Quizá más tarde esté con ataque de llanto por el certamen de investigación cuantitativa (que ha sido el "incordio" del año), mas no importa; sea ahora o sea después, de todas formas igual terminaré hecha un nudo de angustias por la jodida universidad y la etérea posibilidad de adelantar tesis, que ni tema escogido tengo.
Me acuerdo de cuando ingresé a la universidad el año 2007, con toda la impericia y la falta de expectativas sobre mi despeño, poniéndome en el peor de los casos: echarme la carrera al año siguiente. Aquello era consecuencia de mi relación con el profesor de matemáticas del colegio (Osvaldo Prieto: si ves esto, ¡púdrete!), quien en más de una ocasión se refirió a mí como "el punto negro" del curso, una "potencial drogadicta" (?) y una "retardada", lo cual desencadenó la baja autoestima que me persigue hasta el día de hoy.
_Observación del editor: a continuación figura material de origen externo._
(* For every modal formula $A$ and label $x$, $\mathsf{labIGL}\vdash x:\Box(\Box A\to A)\to\Box A$; that is, the sequent $\emptyset\Rightarrow x:\Box(\Box A\to A)\to\Box A$ has an $\infty$-proof in $\mathsf{labIK4}$.
   Context: Modal formulas: $A ::= p \mid \bot \mid A\wedge A \mid A \vee A \mid A \to A \mid \Box A \mid \Diamond A$. Labelled sequents $\mathcal R,\Gamma\Rightarrow\Delta$ with $\mathcal R$ a set of relational atoms $xRy$ and $\Gamma,\Delta$ multisets of labelled formulas $x:A$. $\mathsf{labK4}$ rules (premisses / conclusion): id $\mathcal R,x:p\Rightarrow x:p$; $\bot$L $\mathcal R,x:\bot,\Gamma\Rightarrow\Delta$; cut: $\mathcal R,\Gamma\Rightarrow\Delta,x:A$ and $\mathcal R,\Gamma',x:A\Rightarrow\Delta'$ / $\mathcal R,\Gamma,\Gamma'\Rightarrow\Delta,\Delta'$; left/right weakening and contraction; thinning $\mathcal R,\Gamma\Rightarrow\Delta$ / $\mathcal R,\mathcal R',\Gamma\Rightarrow\Delta$; $\to$L: $\mathcal R,\Gamma\Rightarrow\Delta,x:A$ and $\mathcal R,\Gamma',x:B\Rightarrow\Delta'$ / $\mathcal R,\Gamma,\Gamma',x:A\to B\Rightarrow\Delta,\Delta'$; $\to$R: $\mathcal R,\Gamma,x:A\Rightarrow\Delta,x:B$ / $\mathcal R,\Gamma\Rightarrow\Delta,x:A\to B$; $\wedge$L, $\wedge$R, $\vee$L, $\vee$R as in Gentzen's LK on labelled formulas with the same label; $\Diamond$L ($y$ fresh): $\mathcal R,xRy,\Gamma,y:A\Rightarrow\Delta$ / $\mathcal R,\Gamma,x:\Diamond A\Rightarrow\Delta$; $\Diamond$R: $\mathcal R,xRy,\Gamma\Rightarrow\Delta,y:A$ / $\mathcal R,xRy,\Gamma\Rightarrow\Delta,x:\Diamond A$; $\Box$R ($y$ fresh): $\mathcal R,xRy,\Gamma\Rightarrow\Delta,y:A$ / $\mathcal R,\Gamma\Rightarrow\Delta,x:\Box A$; $\Box$L: $\mathcal R,xRy,\Gamma,y:A\Rightarrow\Delta$ / $\mathcal R,xRy,\Gamma,x:\Box A\Rightarrow\Delta$; tr: $\mathcal R,xRy,yRz,xRz,\Gamma\Rightarrow\Delta$ / $\mathcal R,xRy,yRz,\Gamma\Rightarrow\Delta$. $\mathsf{labIK4}$ is the restriction to sequents with exactly one labelled formula on the right. A preproof is a possibly infinite tree of rule instances whose leaves are zero-premiss rules; a trace along an infinite branch $(S_i)$ is a sequence of labels $(x_i)_{i\ge k}$ with, for each $i$, $x_i=x_{i+1}$ or $x_iRx_{i+1}$ in the relational context of $S_i$ (progress point); progressing = infinitely many progress points; an $\infty$-proof is a preproof all of whose infinite branches have a progressing trace. $\mathsf{labIGL}$ is the class of $\infty$-proofs of $\mathsf{labIK4}$. *)

From Stdlib Require Import List Permutation Arith.
Import ListNotations.

Inductive form : Type :=
| Var : nat -> form
| Bot : form
| And : form -> form -> form
| Or  : form -> form -> form
| Imp : form -> form -> form
| Box : form -> form
| Dia : form -> form.

Definition label := nat.
Definition lform : Type := (label * form)%type.
Definition ratom : Type := (label * label)%type.

(* Labelled sequent R, Gamma => Delta.  R is a set (represented by a list,
   compared up to membership); Gamma, Delta are multisets (lists compared up
   to permutation). *)
Record sequent : Type := Seq { rel : list ratom; lhs : list lform; rhs : list lform }.

Definition labels_rel (R : list ratom) : list label :=
  flat_map (fun a => [fst a; snd a]) R.
Definition labels_seq (s : sequent) : list label :=
  labels_rel (rel s) ++ map fst (lhs s) ++ map fst (rhs s).
Definition fresh (y : label) (s : sequent) : Prop := ~ In y (labels_seq s).

(* Rule instances of labK4 on concrete representatives:
   [basic concl prems] *)
Inductive basic : sequent -> list sequent -> Prop :=
| r_id : forall R x p,
    basic (Seq R [(x, Var p)] [(x, Var p)]) []
| r_botL : forall R x G D,
    basic (Seq R ((x, Bot) :: G) D) []
| r_cut : forall R G G' D D' x A,
    basic (Seq R (G ++ G') (D ++ D'))
          [Seq R G (D ++ [(x, A)]); Seq R (G' ++ [(x, A)]) D']
| r_wL : forall R G D a,
    basic (Seq R (G ++ [a]) D) [Seq R G D]
| r_wR : forall R G D a,
    basic (Seq R G (D ++ [a])) [Seq R G D]
| r_cL : forall R G D a,
    basic (Seq R (G ++ [a]) D) [Seq R (G ++ [a; a]) D]
| r_cR : forall R G D a,
    basic (Seq R G (D ++ [a])) [Seq R G (D ++ [a; a])]
| r_thin : forall R R' G D,
    basic (Seq (R ++ R') G D) [Seq R G D]
| r_impL : forall R G G' D D' x A B,
    basic (Seq R (G ++ G' ++ [(x, Imp A B)]) (D ++ D'))
          [Seq R G (D ++ [(x, A)]); Seq R (G' ++ [(x, B)]) D']
| r_impR : forall R G D x A B,
    basic (Seq R G (D ++ [(x, Imp A B)])) [Seq R (G ++ [(x, A)]) (D ++ [(x, B)])]
| r_andL1 : forall R G D x A B,
    basic (Seq R (G ++ [(x, And A B)]) D) [Seq R (G ++ [(x, A)]) D]
| r_andL2 : forall R G D x A B,
    basic (Seq R (G ++ [(x, And A B)]) D) [Seq R (G ++ [(x, B)]) D]
| r_andR : forall R G D x A B,
    basic (Seq R G (D ++ [(x, And A B)]))
          [Seq R G (D ++ [(x, A)]); Seq R G (D ++ [(x, B)])]
| r_orL : forall R G D x A B,
    basic (Seq R (G ++ [(x, Or A B)]) D)
          [Seq R (G ++ [(x, A)]) D; Seq R (G ++ [(x, B)]) D]
| r_orR1 : forall R G D x A B,
    basic (Seq R G (D ++ [(x, Or A B)])) [Seq R G (D ++ [(x, A)])]
| r_orR2 : forall R G D x A B,
    basic (Seq R G (D ++ [(x, Or A B)])) [Seq R G (D ++ [(x, B)])]
| r_diaL : forall R G D x y A,
    fresh y (Seq R (G ++ [(x, Dia A)]) D) ->
    basic (Seq R (G ++ [(x, Dia A)]) D) [Seq ((x, y) :: R) (G ++ [(y, A)]) D]
| r_diaR : forall R G D x y A,
    basic (Seq ((x, y) :: R) G (D ++ [(x, Dia A)]))
          [Seq ((x, y) :: R) G (D ++ [(y, A)])]
| r_boxR : forall R G D x y A,
    fresh y (Seq R G (D ++ [(x, Box A)])) ->
    basic (Seq R G (D ++ [(x, Box A)])) [Seq ((x, y) :: R) G (D ++ [(y, A)])]
| r_boxL : forall R G D x y A,
    basic (Seq ((x, y) :: R) (G ++ [(x, Box A)]) D)
          [Seq ((x, y) :: R) (G ++ [(y, A)]) D]
| r_tr : forall R G D x y z,
    basic (Seq ((x, y) :: (y, z) :: R) G D)
          [Seq ((x, z) :: (x, y) :: (y, z) :: R) G D].

Definition seq_eq (s t : sequent) : Prop :=
  (forall a, In a (rel s) <-> In a (rel t)) /\
  Permutation (lhs s) (lhs t) /\ Permutation (rhs s) (rhs t).

Definition ruleK4 (c : sequent) (ps : list sequent) : Prop :=
  exists c0 ps0, seq_eq c c0 /\ Forall2 seq_eq ps ps0 /\ basic c0 ps0.

Definition ruleIK4 (c : sequent) (ps : list sequent) : Prop :=
  ruleK4 c ps /\ length (rhs c) = 1 /\ Forall (fun p => length (rhs p) = 1) ps.

(* A possibly infinite tree: nodes are addressed by paths (list of child
   indices); [T p = Some s] means node p exists and is labelled by s. *)
Definition tree := list nat -> option sequent.

Definition preproof (r : sequent -> list sequent -> Prop) (T : tree)
    (s0 : sequent) : Prop :=
  T [] = Some s0 /\
  forall p s, T p = Some s ->
    exists ps, r s ps /\
      (forall i, i < length ps -> T (p ++ [i]) = nth_error ps i) /\
      (forall i, length ps <= i -> T (p ++ [i]) = None).

Definition bpath (b : nat -> nat) (n : nat) : list nat := map b (seq 0 n).

Definition inf_branch (T : tree) (b : nat -> nat) (Sq : nat -> sequent) : Prop :=
  forall i, T (bpath b i) = Some (Sq i).

Definition progress_point (Sq : nat -> sequent) (xs : nat -> label) (i : nat) : Prop :=
  In (xs i, xs (Datatypes.S i)) (rel (Sq i)).

Definition is_trace (Sq : nat -> sequent) (k : nat) (xs : nat -> label) : Prop :=
  forall i, k <= i -> xs i = xs (Datatypes.S i) \/ progress_point Sq xs i.

Definition progressing (Sq : nat -> sequent) (k : nat) (xs : nat -> label) : Prop :=
  is_trace Sq k xs /\
  forall n, exists i, n <= i /\ k <= i /\ progress_point Sq xs i.

Definition inf_proof (r : sequent -> list sequent -> Prop) (T : tree)
    (s0 : sequent) : Prop :=
  preproof r T s0 /\
  forall b Sq, inf_branch T b Sq -> exists k xs, progressing Sq k xs.

Definition labIGL_provable (s : sequent) : Prop :=
  exists T, inf_proof ruleIK4 T s.

(* Write F := □(□A → A).  After →R and □R (fresh y) the goal is the sequent
   xRy, x:F ⇒ y:A, which is derived from itself by a finite block of rules:
   contract x:F, use □L to obtain y:□A → A, apply →L (its right premiss
   xRy, y:A ⇒ y:A is an identity), prove xRy, x:F ⇒ y:□A by □R with a fresh
   z, close yRz, xRy under transitivity and thin back to xRz, x:F ⇒ z:A.
   Along every infinite branch the label moves y ↦ z across yRz once per
   round, so the trace y, z, ... progresses. *)

From Stdlib Require Import List Permutation Lia.
Import ListNotations.

Definition freshl (s : sequent) : label := S (list_max (labels_seq s)).

Lemma freshl_fresh (s : sequent) : fresh (freshl s) s.
Proof.
  intros Hin.
  assert (Hall : Forall (fun k => k <= list_max (labels_seq s)) (labels_seq s))
    by (apply list_max_le; lia).
  rewrite Forall_forall in Hall.
  specialize (Hall _ Hin). unfold freshl in Hall. lia.
Qed.

Lemma ruleIK4_intro (c0 c : sequent) (ps : list sequent) :
  seq_eq c c0 -> basic c0 ps ->
  length (rhs c) = 1 -> Forall (fun p => length (rhs p) = 1) ps ->
  ruleIK4 c ps.
Proof.
  intros Hc Hb Hone Hps. split; [|tauto].
  exists c0, ps. split; [exact Hc|split; [|exact Hb]].
  clear. induction ps; constructor; [|assumption].
  split; [tauto|split; apply Permutation_refl].
Qed.

Lemma ruleIK4_basic (c : sequent) (ps : list sequent) :
  basic c ps ->
  length (rhs c) = 1 -> Forall (fun p => length (rhs p) = 1) ps ->
  ruleIK4 c ps.
Proof.
  apply ruleIK4_intro. split; [tauto|split; apply Permutation_refl].
Qed.

Ltac by_basic r := apply ruleIK4_basic; [exact r|reflexivity|repeat constructor].

Section NodeSystems.
(* Nodes [N] carry sequents [seqof] and have successors [kids]; unfolding
   from a root gives a tree whose node at path p is reached by following
   the chosen successors. *)
Variables (N : Type) (seqof : N -> sequent) (kids : N -> list N).

Fixpoint walk (m : N) (p : list nat) : option N :=
  match p with
  | [] => Some m
  | i :: q => match nth_error (kids m) i with Some m' => walk m' q | None => None end
  end.

Definition unfold_tree (root : N) : tree :=
  fun p => option_map seqof (walk root p).

Lemma walk_snoc (p : list nat) (m : N) (i : nat) :
  walk m (p ++ [i]) =
  match walk m p with Some m' => nth_error (kids m') i | None => None end.
Proof.
  revert m; induction p as [|j p IH]; simpl; intros m.
  - now destruct (nth_error (kids m) i).
  - now destruct (nth_error (kids m) j).
Qed.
Sin embargo, el estigma de la mediocridad dejó de ser mi principal atributo cuando recibí la nota del primer control de lectura en Literatura Universal: un glorioso 92. Durante los dos primeros años de universidad, mis notas fluctuaban entre el 70 y el 100 -media HUEÁ po-.
En tercero comenzó el derroche de asignaturas, debido a mi inmadurez. Si bien es cierto que ese año fue crítico en varios aspectos de mi vida (era la encarnación posmoderna del joven Werther), el peso de lo académico se hizo insostenible, así que boté algunos ramos de educación... sin pensar que ello me atrasaría un año. En cuarto tomé Currículo y Evaluación I y me lo eché (oficialmente es el único que he reprobado), por consiguiente, debería permanecer un año más en la universidad; el hecho de haber fracasado me deprimió hasta el punto de tomar tres asignaturas y pasar dos: un ramo en examen y otro que era electivo. PA LA CAGÁ.